**Problem to solve**
Each line of the records below that holds "Open" should be copied out.
________________________________________
(* Let $\mathcal H$ be a complex Hilbert space, let $\mathbf A=(A_1,\dots,A_m)$ be an $m$-tuple of bounded self-adjoint operators on $\mathcal H$, and let $k$ be a positive integer. If $\operatorname{cl}(\Lambda_{\hat k}(\mathbf A))\neq\emptyset$ for some integer $\hat k\ge(m+2)k$, then $\operatorname{cl}(\Lambda_k(\mathbf A))$ is star-shaped and contains the convex set $\operatorname{conv}\operatorname{cl}(\Lambda_{\hat k}(\mathbf A))$, and every element of $\operatorname{conv}\operatorname{cl}(\Lambda_{\hat k}(\mathbf A))$ is a star center of $\operatorname{cl}(\Lambda_k(\mathbf A))$.
   Context: For an $m$-tuple $\mathbf A=(A_1,\dots,A_m)$ of bounded self-adjoint operators on a complex Hilbert space $\mathcal H$ and a positive integer $k$, the joint rank-$k$ numerical range is $\Lambda_k(\mathbf A)=\{(a_1,\dots,a_m)\in\mathbb R^m:$ there is an orthogonal projection $P$ of rank $k$ on $\mathcal H$ with $PA_jP=a_jP$ for $j=1,\dots,m\}$. $\operatorname{cl}$ denotes closure in $\mathbb R^m$ and $\operatorname{conv}$ convex hull. A set $S\subseteq\mathbb R^m$ is star-shaped with star center $\mathbf c\in S$ if for every $\mathbf b\in S$ the line segment joining $\mathbf c$ and $\mathbf b$ lies in $S$. *)

From HB Require Import structures.
From mathcomp Require Import all_boot all_order all_algebra.
From mathcomp Require Import all_classical all_reals all_analysis.
From mathcomp Require Import complex.
Import numFieldNormedType.Exports.
Set Implicit Arguments. Unset Strict Implicit. Unset Printing Implicit Defensive.
Import Order.TTheory GRing.Theory Num.Theory ComplexField.
Local Open Scope classical_set_scope.
Local Open Scope ring_scope.
Lemma sum_path_prob_last M v m z :
  \sum_(w : {ffun 'I_m.+1 -> S} | w ord_max == z) path_prob M v m w = vpow v M m z.
Proof.
elim: m z => [|m IH] z.
  rewrite (reindex (fun y : S => [ffun _ : 'I_1 => y])) /=; last first.
    apply: onW_bij; exists (fun w : {ffun 'I_1 -> S} => w ord0).
      by move=> y; rewrite ffunE.
    by move=> w; apply/ffunP => i; rewrite ffunE (ord1 i).
  rewrite (big_pred1 z); last by move=> y; rewrite /= ffunE.
  by rewrite /path_prob big_ord0 mulr1 ffunE.
rewrite (reindex (fun p : {ffun 'I_m.+1 -> S} * S => snoc p.1 p.2)) /=;
  last exact/onW_bij/snoc_bij.
under eq_bigl do rewrite snoc_max.
under eq_bigr do rewrite path_prob_snoc.
rewrite (eq_bigl (fun p : {ffun 'I_m.+1 -> S} * S => predT p.1 && (p.2 == z))) //.
rewrite -(pair_big predT (pred1 z) (fun w y => path_prob M v m w * M (w ord_max) y)) /=.
under eq_bigr do rewrite (big_pred1 z) //.
rewrite /vmul; under [RHS]eq_bigr do rewrite -IH.
rewrite (partition_big (fun w : {ffun 'I_m.+1 -> S} => w ord_max) predT) //=.
by apply: eq_bigr => u _; rewrite big_distrl /=; apply: eq_bigr => w /eqP ->.
Qed.

Lemma prod_nat_bool m (B : 'I_m -> bool) : \prod_(i < m) ((B i)%:R : R) = [forall i, B i]%:R.
Proof.
case: (boolP [forall i, B i]) => [/forallP allB|/forallPn [i /negbTE Bi]].
  by rewrite big1 // => i _; rewrite allB.
by rewrite (bigD1 i) //= Bi mul0r.
Qed.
________________________________________
**Response**
Local Open Scope classical_set_scope.
Local Open Scope ring_scope.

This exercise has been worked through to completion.